Este texto es una alegoría del purgatorio entendido no como un lugar de castigo, sino como un estado de conciencia, un espacio intermedio donde el alma queda suspendida entre opuestos sin llegar a decidirse.
El poema comienza situándonos en el umbral entre el bien y el mal, pero enseguida desmonta la idea moral clásica. Quien se alza “por encima” evita mancharse, pero también evita arrodillarse: es decir, no asume la fragilidad, no toca la tierra. En cambio, quien se agacha “por debajo” no se atreve a alzar el vuelo por miedo a ensuciarse. Ambos extremos están incompletos: uno peca de orgullo distante, el otro de miedo paralizante.
El verdadero espacio del poema es el punto intermedio: “media vida, media muerte”. Este lugar no es resolución, sino pausa. El purgatorio aparece como un instante sostenido, un sueño tejido en la encrucijada, donde el alma descansa de la lucha entre luz y sombra. No es infierno ni paraíso, sino balanza, fulcro, respiración contenida.
El tiempo, en este estado, deja de ser lineal. “El tiempo se rinde a la ambigüedad”: no hay sentencia definitiva ni juicio absoluto. Los sueños y los pecados no se oponen, sino que se entrelazan. El bien y el mal bailan juntos en un vals incesante, mostrando que la condición humana no es pura, sino híbrida.
Cuando el poema habla de “medio vivos, medio muertos”, no se refiere a cuerpos, sino a conciencias que aún no han integrado del todo lo que son. El purgatorio es el espacio de la espera, donde redención y culpa conviven sin anularse. No hay victoria: hay equilibrio temporal.
El cierre redefine por completo el concepto: el purgatorio no es castigo, sino un estado de gracia. El reposo no llega cuando el alma es juzgada, sino cuando deja de forzarse a ser solo una cosa. En ese descanso, el alma no es absuelta ni condenada: es sostenida.
En conjunto, el poema propone una visión del purgatorio como el lugar, interior, donde el ser humano aprende a habitar su ambigüedad, a descansar en el no-saber y a aceptar que la verdad no siempre está en subir o bajar, sino en permanecer presente en el centro.
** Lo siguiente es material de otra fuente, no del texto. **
Lemma Omega_inj x x' : fs (Omega m iv nu s x) = fs (Omega m iv nu s x') -> fs x = fs x'.
Proof.
have OmegaK y : fsmap (fun p => m p.1 (s p.2)) (Omega m iv nu s y) = y.
  by rewrite OmegaE fsmap_comp fsmap_id_in // => v /=; rewrite -mulA mulVm mulm1.
by move=> /(fs_fsmap (fun p => m p.1 (s p.2))); rewrite !OmegaK.
Qed.

End SemidirectDecomposition.

Lemma str_tperm n (x y : 'I_n) : val y = (val x).+1 -> str n y = tperm x y.
Proof.
move=> yE; rewrite /str yE /=.
case: insubP => [a _ aE|]; last by rewrite ltn_ord.
case: insubP => [b _ bE|]; last by rewrite -yE ltn_ord.
by congr tperm; apply: val_inj; rewrite ?aE ?bE.
Qed.

Lemma perm_morph_adjacent_id n (phi : 'S_n -> 'S_n) :
  {morph phi : p q / (p * q)%g} ->
  (forall i, (1 <= i <= n - 1)%N -> phi (str n i) = str n i) -> phi =1 id.
Proof.
move=> phiM phi_str.
have phi1 : phi 1%g = 1%g by apply: (mulgI (phi 1%g)); rewrite -phiM !mulg1.
have phi_adj (x y : 'I_n) : val y = (val x).+1 -> phi (tperm x y) = tperm x y.
  by move=> yE; rewrite -(str_tperm yE) phi_str //; move: (ltn_ord y); rewrite yE; lia.
have phi_far k (x y : 'I_n) : val y = (val x + k.+1)%N -> phi (tperm x y) = tperm x y.
  elim: k y => [|k IH] y yE; first by apply: phi_adj; rewrite yE addn1.
  have zn : ((val y).-1 < n)%N := leq_ltn_trans (leq_pred _) (ltn_ord y).
  pose z := Ordinal zn.
  have zE : val z = (val x + k.+1)%N by rewrite /= yE addnS.
  have yzE : val y = (val z).+1 by rewrite zE yE; lia.
  have xz : x != z by rewrite -val_eqE zE -{1}[val x]addn0 eqn_add2l.
  have xy : x != y by rewrite -val_eqE yE -{1}[val x]addn0 eqn_add2l.
  (* conjugating (x z) by the adjacent transposition (z z+1) moves z to y = z+1 *)
  have -> : tperm x y = (tperm x z ^ tperm z y)%g.
    by rewrite tpermJ tpermL tpermD // eq_sym.
  by rewrite conjgE tpermV !phiM (IH z) // phi_adj.
have phi_tperm (x y : 'I_n) : phi (tperm x y) = tperm x y.
  have lt_tperm (u v : 'I_n) : (u < v)%N -> phi (tperm u v) = tperm u v.
    by move=> uv; apply: (phi_far (v - u.+1)%N); rewrite -addSnnS subnKC.
  case: (ltngtP x y) => [xy|yx|/val_inj ->]; first exact: lt_tperm.
    by rewrite tpermC; apply: lt_tperm.
  by rewrite tperm1.
move=> p; have [ts -> _] := prod_tpermP p.
by elim: ts => [|t ts IH]; rewrite ?big_nil // big_cons phiM IH phi_tperm.
Qed.

Section VirtualBraidGroup.
Variables (n : nat) (G : eqType) (m : G -> G -> G) (iv : G -> G) (e : G).
Variables (sg rh : nat -> G) (nu : G -> 'S_n) (s : 'S_n -> G).
Hypotheses (Ggrp : is_group m iv e)
  (gen : forall g, exists w : seq (bool * bool * nat),
     all (fun l => (1 <= l.2 <= n - 1)%N) w /\ g = eval_word m iv e sg rh w)
  (nuM : is_hom m (fun p q : 'S_n => (p * q)%g) nu)
  (nuE : forall i, (1 <= i <= n - 1)%N -> nu (sg i) = str n i /\ nu (rh i) = str n i)
  (sM : is_hom (fun p q : 'S_n => (p * q)%g) m s)
  (sE : forall i, (1 <= i <= n - 1)%N -> s (str n i) = rh i).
En el umbral entre el bien y el mal, se halla un enigma sin par, quien se alza sobre, jamás se arrodilla, para no sufrir la mancha, más quien se agacha bajo, no alza vuelo, por temor a ensuciarse, y en el punto intermedio, medio vida, medio muerte, hallan su morada. Un sueño se teje en la encrucijada, un instante en pausa, medio camino entre sombras y luz, un reposo en la balanza, así yace el alma, en un etéreo letargo, un suspiro en el aire, en el fulcro del ser, suspendido en un instante, yace el purgatorio. El tiempo se rinde a la ambigüedad, donde no hay juicio absoluto, los sueños y los pecados se entrelazan en un abrazo sutil, el bien y el mal entrelazado, en un vals que no cesa, y en ese punto crucial, se despliega el alma, en el purgatorio se halla. En el rincón, entre el ascenso y la caída, en el espacio de la espera, la redención y la culpa se encuentran, en un suspiro compartido, medio vivos, medio muertos, el equilibrio se logra en el reposo, en el purgatorio del alma, un estado de gracia, hallamos reposo.